= WHAT TO DO =
Determine how many lines of the data below contain "null", then give only that number.

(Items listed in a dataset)
(* Let $\Sigma_A$, $\pi$, $\Pi$ be as in the context and let $\lambda$ be a symmetric Markov measure on $\Sigma_A$. If $B\subset\Sigma_A\times I$ is a bony graph relative to $\lambda$, then $\Pi(B)$ is a bi-bony graph relative to $\pi_*\lambda$. Moreover, if $B$ is continuous, then so is $\Pi(B)$.
   Context: $I=[0,1]$, $R(x)=1-x$. Given $C^1$-diffeomorphisms onto their images $f_1,\ldots,f_N$ of $I$, let $\mathcal I_P$ / $\mathcal I_R$ be the indices of orientation preserving / reversing $f_i$. $A=(a_{ij})_{i,j=1}^{2N}$ with $a_{ij}=1$ if ($i\in\mathcal I_P$, $j\le N$), or ($i\in\mathcal I_R$, $j>N$), or ($i-N\in\mathcal I_P$, $j>N$), or ($i-N\in\mathcal I_R$, $j\le N$), else $0$; $\Sigma_A$ the $A$-admissible sequences in $\{1,\ldots,2N\}^{\mathbb Z}$; $\pi\colon\Sigma_A\to\Sigma_N=\{1,\ldots,N\}^{\mathbb Z}$, $\pi(\omega)_n=\overline{\omega_n}$ ($\overline i=i$ for $i\le N$, $\overline i=i-N$ otherwise). $C=\{\omega\colon\omega_0\le N\}$; $\Pi(\omega,x)=(\pi(\omega),x)$ if $\omega\in C$, $(\pi(\omega),R(x))$ otherwise. A Markov measure on $\Sigma_A$ with probability vector $(p_i)$ and stochastic matrix $(P_{ij})$ is symmetric if $p_i=p_{i+N}$, $P_{ij}=P_{(i+N)(j+N)}$, $P_{i(j+N)}=P_{(i+N)j}$ for $i,j\le N$. For $\Sigma\in\{\Sigma_A,\Sigma_N\}$, $B\subset\Sigma\times I$ and $\xi\in\Sigma$, $B_\xi$ is the set of $x$ with $(\xi,x)\in B$. Relative to a Borel probability $\lambda$ on $\Sigma$, $B$ is a bony graph if $B_\xi$ is a single point for $\lambda$-a.e. $\xi$ and an interval at all remaining points; it is continuous if for every $\xi$ in the projection $\Pi_1(B)$ and $\varepsilon>0$ there is $\delta>0$ such that $\eta\in\Pi_1(B)$, $d(\eta,\xi)<\delta$ imply $B_\eta\subset U_\varepsilon(B_\xi)$. A (continuous) bi-bony graph is a union of two (continuous) bony graphs. *)

From HB Require Import structures.
From mathcomp Require Import all_boot all_order all_algebra.
From mathcomp Require Import all_classical all_reals all_analysis.
Set Implicit Arguments. Unset Strict Implicit. Unset Printing Implicit Defensive.
Import Order.TTheory GRing.Theory Num.Theory.
Local Open Scope classical_set_scope.
Local Open Scope ring_scope.

(* Alphabet {1,...,2N} is encoded as 'I_(N+N) (0-based):               *)
(*   lshift N i  <-> symbol i+1       (i.e. symbols <= N)              *)
(*   rshift N i  <-> symbol N+i+1     (i.e. symbols >  N)              *)

(* "i <= N" in the paper's 1-based numbering *)
Definition isLo {N : nat} (i : 'I_(N + N)) : bool := (i < N)%N.

Definition bar {N : nat} (i : 'I_(N + N)) : 'I_N :=
  match fintype.split i with inl j => j | inr j => j end.

Definition orient_pres {R : realType} (g : R -> R) : Prop :=
  forall x y : R, 0 <= x -> x < y -> y <= 1 -> g x < g y.
Definition orient_rev {R : realType} (g : R -> R) : Prop :=
  forall x y : R, 0 <= x -> x < y -> y <= 1 -> g y < g x.

Definition adm {R : realType} {N : nat} (f : 'I_N -> R -> R)
    (i j : 'I_(N + N)) : Prop :=
  [\/ [/\ isLo i, orient_pres (f (bar i)) & isLo j],
      [/\ isLo i, orient_rev (f (bar i)) & ~~ isLo j],
      [/\ ~~ isLo i, orient_pres (f (bar i)) & ~~ isLo j] |
      [/\ ~~ isLo i, orient_rev (f (bar i)) & isLo j]].

Definition SigmaA {R : realType} {N : nat} (f : 'I_N -> R -> R)
    : set (int -> 'I_(N + N)) :=
  [set w | forall k : int, adm f (w k) (w (k + 1))].

(* sequence spaces; the number of maps is n.+1 (i.e. N >= 1) *)
Definition seqA (n : nat) := int -> 'I_(n.+1 + n.+1).
Definition seqN (n : nat) := int -> 'I_n.+1.
HB.instance Definition _ n := Choice.on (seqA n).
HB.instance Definition _ n := isPointed.Build (seqA n) (fun _ => lshift _ ord0).
HB.instance Definition _ n := Choice.on (seqN n).
HB.instance Definition _ n := isPointed.Build (seqN n) (fun _ => ord0).

Definition cylA (n : nat) : set (set (seqA n)) :=
  [set C | exists (k : int) (i : 'I_(n.+1 + n.+1)), C = [set w | w k = i]].
Definition cylN (n : nat) : set (set (seqN n)) :=
  [set C | exists (k : int) (i : 'I_n.+1), C = [set w | w k = i]].
Arguments cylA : clear implicits.
Arguments cylN : clear implicits.
Definition SA (n : nat) := g_sigma_algebraType (cylA n).
Definition SN (n : nat) := g_sigma_algebraType (cylN n).

Definition cylinder {K : Type} (m : int) (k : nat) (s : 'I_k.+1 -> K)
    : set (int -> K) :=
  [set w | forall j : 'I_k.+1, w (m + (j : nat)%:Z) = s j].

Definition mweight {R : realType} {K : finType} (p : K -> R) (P : K -> K -> R)
    (k : nat) (s : 'I_k.+1 -> K) : R :=
  p (s ord0) * \prod_(j < k) P (s (widen_ord (leqnSn k) j)) (s (lift ord0 j)).

Definition markov_measure {R : realType} {n : nat} (f : 'I_n.+1 -> R -> R)
    (p : 'I_(n.+1 + n.+1) -> R) (P : 'I_(n.+1 + n.+1) -> 'I_(n.+1 + n.+1) -> R)
    (lam : set (SA n) -> \bar R) : Prop :=
  [/\ (forall i, 0 <= p i) /\ \sum_i p i = 1,
      (forall i j, 0 <= P i j) /\ (forall i, \sum_j P i j = 1),
      (forall i j, ~ adm f i j -> P i j = 0),
      (forall j, \sum_i p i * P i j = p j) &
      (forall (m : int) (k : nat) (s : 'I_k.+1 -> 'I_(n.+1 + n.+1)),
          lam (@cylinder _ m k s) = (mweight p P s)%:E)].

Definition symmetric_markov {R : realType} {n : nat} (f : 'I_n.+1 -> R -> R)
    (p : 'I_(n.+1 + n.+1) -> R) (P : 'I_(n.+1 + n.+1) -> 'I_(n.+1 + n.+1) -> R)
    (lam : set (SA n) -> \bar R) : Prop :=
  markov_measure f p P lam /\
  forall i j : 'I_n.+1,
    [/\ p (lshift _ i) = p (rshift _ i),
        P (lshift _ i) (lshift _ j) = P (rshift _ i) (rshift _ j) &
        P (lshift _ i) (rshift _ j) = P (rshift _ i) (lshift _ j)].

Definition piA (n : nat) : SA n -> SN n := fun w k => bar (w k).
Arguments piA : clear implicits.
Definition PiMap {R : realType} (n : nat) (z : SA n * R) : SN n * R :=
  (piA n z.1, if isLo (z.1 0) then z.2 else 1 - z.2).

Definition fiber {T R : Type} (B : set (T * R)) (xi : T) : set R :=
  [set x | B (xi, x)].

Definition Unbhd {R : realType} (eps : R) (S : set R) : set R :=
  [set x | exists2 y, S y & `|x - y| < eps].

(* d(x,y) = 2^{-min{|k| : x_k <> y_k}}  (and 0 if x = y) *)
Definition dseq {R : realType} {K : Type} (x y : int -> K) : R :=
  sup [set r : R | exists k : int, x k <> y k /\ r = (2^-1) ^+ `|k|%N].

Definition bony {R : realType} {d} {T : semiRingOfSetsType d}
    (S : set T) (mu : set T -> \bar R) (B : set (T * R)) : Prop :=
  [/\ B `<=` [set z | S z.1 /\ 0 <= z.2 <= 1],
      almost_everywhere mu (fun xi => S xi -> exists x, fiber B xi = [set x]) &
      forall xi, S xi -> is_interval (fiber B xi)].

Definition graph_continuous {R : realType} {K : Type}
    (B : set ((int -> K) * R)) : Prop :=
  forall xi, (fst @` B) xi -> forall eps : R, 0 < eps ->
    exists2 delta : R, 0 < delta &
      forall eta, (fst @` B) eta -> dseq eta xi < delta ->
        fiber B eta `<=` Unbhd eps (fiber B xi).

Definition bibony {R : realType} {d} {T : semiRingOfSetsType d}
    (S : set T) (mu : set T -> \bar R) (B : set (T * R)) : Prop :=
  exists B1 B2, [/\ B = B1 `|` B2, bony S mu B1 & bony S mu B2].

Definition cont_bibony {R : realType} {n : nat}
    (S : set (SN n)) (mu : set (SN n) -> \bar R) (B : set (SN n * R)) : Prop :=
  exists B1 B2, [/\ B = B1 `|` B2,
    bony S mu B1 /\ graph_continuous B1 &
    bony S mu B2 /\ graph_continuous B2].

From HB Require Import structures.
From mathcomp Require Import all_boot all_order all_algebra.
From mathcomp Require Import all_classical all_reals all_analysis.
From mathcomp Require Import zify lra.
Import Order.TTheory GRing.Theory Num.Theory.
Local Open Scope classical_set_scope.
Local Open Scope ring_scope.
Set Implicit Arguments. Unset Strict Implicit. Unset Printing Implicit Defensive.

(* An admissible sequence w is determined by its projection pi(w) and by the
   half of the alphabet, {1..N} or {N+1..2N}, containing w_0: it stays in the
   same half after an orientation-preserving f_i and switches halves after an
   orientation-reversing one.  Hence pi has exactly two sections over Sigma_A,
   [lift_seq true] and [lift_seq false], exchanged by the flip i <-> i + N, and
   Pi(B) is the union of Pi(B ∩ C) and Pi(B \ C), whose fibres over eta are the
   fibre of B over [lift_seq true eta] and the image under R of the fibre over
   [lift_seq false eta].  A lambda-null set N pulls back along either section
   to a pi_*lambda-null set, since pi^-1 of that preimage lies in
   N ∪ flip^-1 N ∪ (Sigma_A)^c and the symmetric Markov measure is
   flip-invariant (it agrees with its flip on cylinders).  Continuity survives
   because the k-th symbol of a lift only depends on the symbols at positions
   |j| <= |k|, so both sections are 1-Lipschitz for d. *)

Section Alphabet.
Variable N : nat.

Definition sym (b : bool) (j : 'I_N) : 'I_(N + N) :=
  if b then lshift N j else rshift N j.

Definition swap (i : 'I_(N + N)) : 'I_(N + N) := sym (~~ isLo i) (bar i).

Definition flip (w : int -> 'I_(N + N)) : int -> 'I_(N + N) := fun k => swap (w k).

Lemma isLo_sym b j : isLo (sym b j) = b.
Proof. by case: b; rewrite /isLo /= ?ltn_ord // ltnNge leq_addr. Qed.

= TASK ANSWER =
2